Any arguments against it?

(yes, I've read #8446)

@tomato42 tomato42 added the issue: bug report The issue was opened to report a bug label Nov 16, 2020
@kroeckx
Copy link
Member

kroeckx commented Nov 16, 2020 via email

@davidben
Copy link
Contributor

davidben commented Nov 16, 2020

I agree changing the behavior to map the error away wouldn't work well. While any application that relies on it is likely already vulnerable to RSAES-PKCS1-v1_5's flaws, silently changing the success criteria won't make them any better. It's also not clear to me how it'd work anyway. EVP_PKEY_decrypt and RSA_private_decrypt do not know the expected length, so they can't generate the replacement string. (Lengths are closely related to memory access and allocation patterns, so constant-time code needs to understand all the public and private lengths involved, and tailor the API shape accordingly.)

Rather, I'd suggest:

  • Document clearly that, absent some external source of authentication, the existing RSAES-PKCS1-v1_5 decryption API is broken and should not be used. I don't think there is any saving it. Maybe eventually remove it. Though this is made a little tricky by RSAES-PKCS1-v1_5 being the default for RSA keys when using EVP_PKEY_decrypt. (Perhaps OpenSSL 3.0 should start by removing the notion of a default RSAES padding and require callers specify it?)

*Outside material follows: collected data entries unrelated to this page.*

Theorem proposition3p2
  (R : realType) (n d : nat)
  (* A = {v_1, ..., v_n} in N = Z^d, distinct, generating N *)
  (v : 'I_n -> 'I_d -> int)
  (v_inj : injective v)
  (v_gen : forall x : 'I_d -> int,
      exists c : 'I_n -> int, forall k, x k = \sum_(j < n) c j * v j k)
  (* h : N -> Z with h(v_j) = 1 *)
  (h : 'I_d -> int) (hv : forall j, \sum_(k < d) h k * v j k = 1)
  (* Sigma: the fan of a regular triangulation, given by heights w *)
  (w : 'I_n -> R) (w_reg : regular_triangulation_heights v w)
  (* v in Box(Sigma): v = sum_j q_j v_j, 0 <= q_j < 1, supported on a cone S *)
  (S : {set 'I_n}) (HS : fan_cone v w S)
  (q : 'I_n -> R) (hq : forall j, 0 <= q j < 1)
  (hqS : forall j, j \notin S -> q j = 0)
  (vb : 'I_d -> int)
  (hvb : forall k, (vb k)%:~R = \sum_(j < n) q j * (v j k)%:~R)
  (* branches log_j of the logarithm on discs B_j = B(y_j, rho_j), 0 notin B_j *)
  (rho : 'I_n -> R) (hrho : forall j, 0 < rho j < 1)
  (logb : 'I_n -> Cx R -> Cx R)
  (hlog : forall j, log_branch (boxy q j) (rho j) (logb j))
  (* a point z with nonzero coordinates and a choice of arg z_j *)
  (z : 'I_n -> Cx R) (theta : 'I_n -> R)
  (hz : forall j, z j != 0)
  (htheta : forall j, z j = (complex.Re (`|z j| : R[i]))%:C * cexp ('i * (theta j)%:C)) :
  (* unless there is a cone sigma containing sigma(v) whose rays contain all
     v_j with log_j(y_j)/(2 pi i) not a nonnegative integer ... *)
  ~ (exists K : {set 'I_n}, fan_cone v w K /\
        (forall j, 0 < q j -> j \in K) /\
        (forall j, ~ (exists k : nat, logb j (boxy q j) / two_pi_i R = k%:R) -> j \in K)) ->
  (* ... the operator phi(z, R) on (K_0)_v is zero: phi(z, R) = P(R) on (K_0)_v
     for any polynomial P whose derivatives at y^v agree with those of phi(z, .)
     up to an order N at which all R_j - y_j are nilpotent on (K_0)_v *)
  forall (N : nat) (P : mpoly n (Cx R)),
    (forall j, loc_zero v w (boxy q) ((@Rvar R n j - (boxy q j)%:MP) ^+ N)) ->
    (forall al : 'I_n -> nat, (forall j, (al j < N)%N) ->
        meval (boxy q) (mderivs al P) = pderivs al (phi logb z theta) (boxy q)) ->
    loc_zero v w (boxy q) (embedP P).
Proof.
move=> no_cone N P nilp P_taylor; set y := boxy q.
pose T : {set 'I_n} := [set j | (y j != 1) ||
  `[< ~ exists k : nat, logb j (y j) / two_pi_i R = k%:R >]]%SET.
have nonfan : ~ fan_cone v w T.
  move=> fanT; apply: no_cone; exists T; split => //; split => j; rewrite inE.
    by move=> q_gt0; rewrite cexp_two_pi_i_neq1 // q_gt0; case/andP: (hq j).
  by move=> not_nat; apply/orP; right; apply/asboolP.
pose J j := (j \in T) && (y j == 1).
have phi_vanish_J j : J j -> forall r, r j = y j -> phi logb z theta r = 0.
  rewrite /J inE => /andP[/orP[/negP //|/asboolP not_nat] /eqP yj1].
  apply: phi_vanish; move: not_nat (hlog j); rewrite -/y yj1 => not_nat logj.
  by apply: rgamma_log1_eq0 logj _ not_nat; case/andP: (hrho j).
rewrite (embedP_taylor y P); apply: loc_zero_sum => m _.
apply: (loc_zero_taylor_term (J := J) nilp (loc_zero_nonfan y nonfan)).
move=> m_lt_N [j Jj mj0].
have deriv0 : meval y (mderivm m P) = 0.
  rewrite -[mderivm m P]/(mderivs (fun i => m i) P) P_taylor //.
  exact: pderivs_vanish mj0 (phi_vanish_J j Jj) _ _.
have facts_gt0 : (0 < \prod_(i < n) (m i)`!)%N by apply: prodn_gt0 => i; exact: fact_gt0.
move/eqP: (mcoeff_translate y m P).
by rewrite deriv0 mulrn_eq0 eqn0Ngt facts_gt0 => /eqP.
Qed.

  • Study existing protocols' use of RSAES-PKCS1-v1_5, their established workarounds, and build API(s) tailored to them. TLS needs a constant-time swap to random, with a known length. I expect this pattern is common. Go has this API, though note it doesn't cover the funny (and somewhat useless) version check. I believe Go's crypto/tls implementation just doesn't bother with it. Another possibility is an optional parameter. My understanding is SSH needs a similar constant-time replacement workaround. Are there other patterns? Note this isn't compatible with EVP_PKEY_decrypt / RSA_private_decrypt at all due to the pre-supplied length.

  • Make sure existing protocols' use of RSAES-PKCS1-v1_5 are suitably deprecated so we can start the (very long) removal clock. We've done this for TLS. I didn't know JWT also used it. That's disappointing. Is there work anywhere to deprecate it in JWT?

We also need to be clear on what we can accomplish here. The swap to random isn't a general solution to make RSAES-PKCS1-v1_5 safe. It's something that specifically works for TLS (and SSH?) because of how the rest of the protocol is constructed. For instance, it doesn't work for SSL2.

@tomato42
Copy link
Contributor Author

@kroeckx wrote:
I think changing what the current RSA_PKCS1_PADDING does is probably not a good idea. People will most likely rely on the current behaviour where an error is returned,

but when would that matter in regular use case, when not under attack?

and I think your proposal includes never returning an error. I have no idea how most applications will then continue with that random data. So if you want to change the behaviour, I think we need to add a new option to the function that then documents that behaviour.

the basic assumption of the attack is that the attacker can force the application to process an RSA ciphertext; the attacker generally also has access to the public key; so the application already must handle messages that will decrypt to unexpected lengths—the attacker can create ciphertexts that decrypt to arbitrary messages already

@tomato42
Copy link
Contributor Author

tomato42 commented Nov 16, 2020

@davidben wrote:
I agree changing the behavior to map the error away wouldn't work well. While any application that relies on it is likely already vulnerable to RSAES-PKCS1-v1_5's flaws, silently changing the success criteria won't make them any better. It's also not clear to me how it'd work anyway. EVP_PKEY_decrypt and RSA_private_decrypt do not know the expected length, so they can't generate the replacement string. (Lengths are closely related to memory access and allocation patterns, so constant-time code needs to understand all the public and private lengths involved, and tailor the API shape accordingly.)

that's exactly my point, we don't need to know what's the length application expects: if there are two cases that can generate message of given length, namely an actual valid PKCS#1 ciphertext that decrypts to such length, and a ciphertext for which we create a message of a given length, and the attacker can't differentiate between them, then they can't use it as an oracle in the Bleichenbacher attack, making the whole attack fail

please read the opening post again: I'm proposing a modification that works even if the attacker can get access to the supposedly decrypted value

Rather, I'd suggest:

  • Document clearly that, absent some external source of authentication, the existing RSAES-PKCS1-v1_5 decryption API is broken and should not be used. I don't think there is any saving it. Maybe eventually remove it. Though this is made a little tricky by RSAES-PKCS1-v1_5 being the default for RSA keys when using EVP_PKEY_decrypt. (Perhaps OpenSSL 3.0 should start by removing the notion of a default RSAES padding and require callers specify it?)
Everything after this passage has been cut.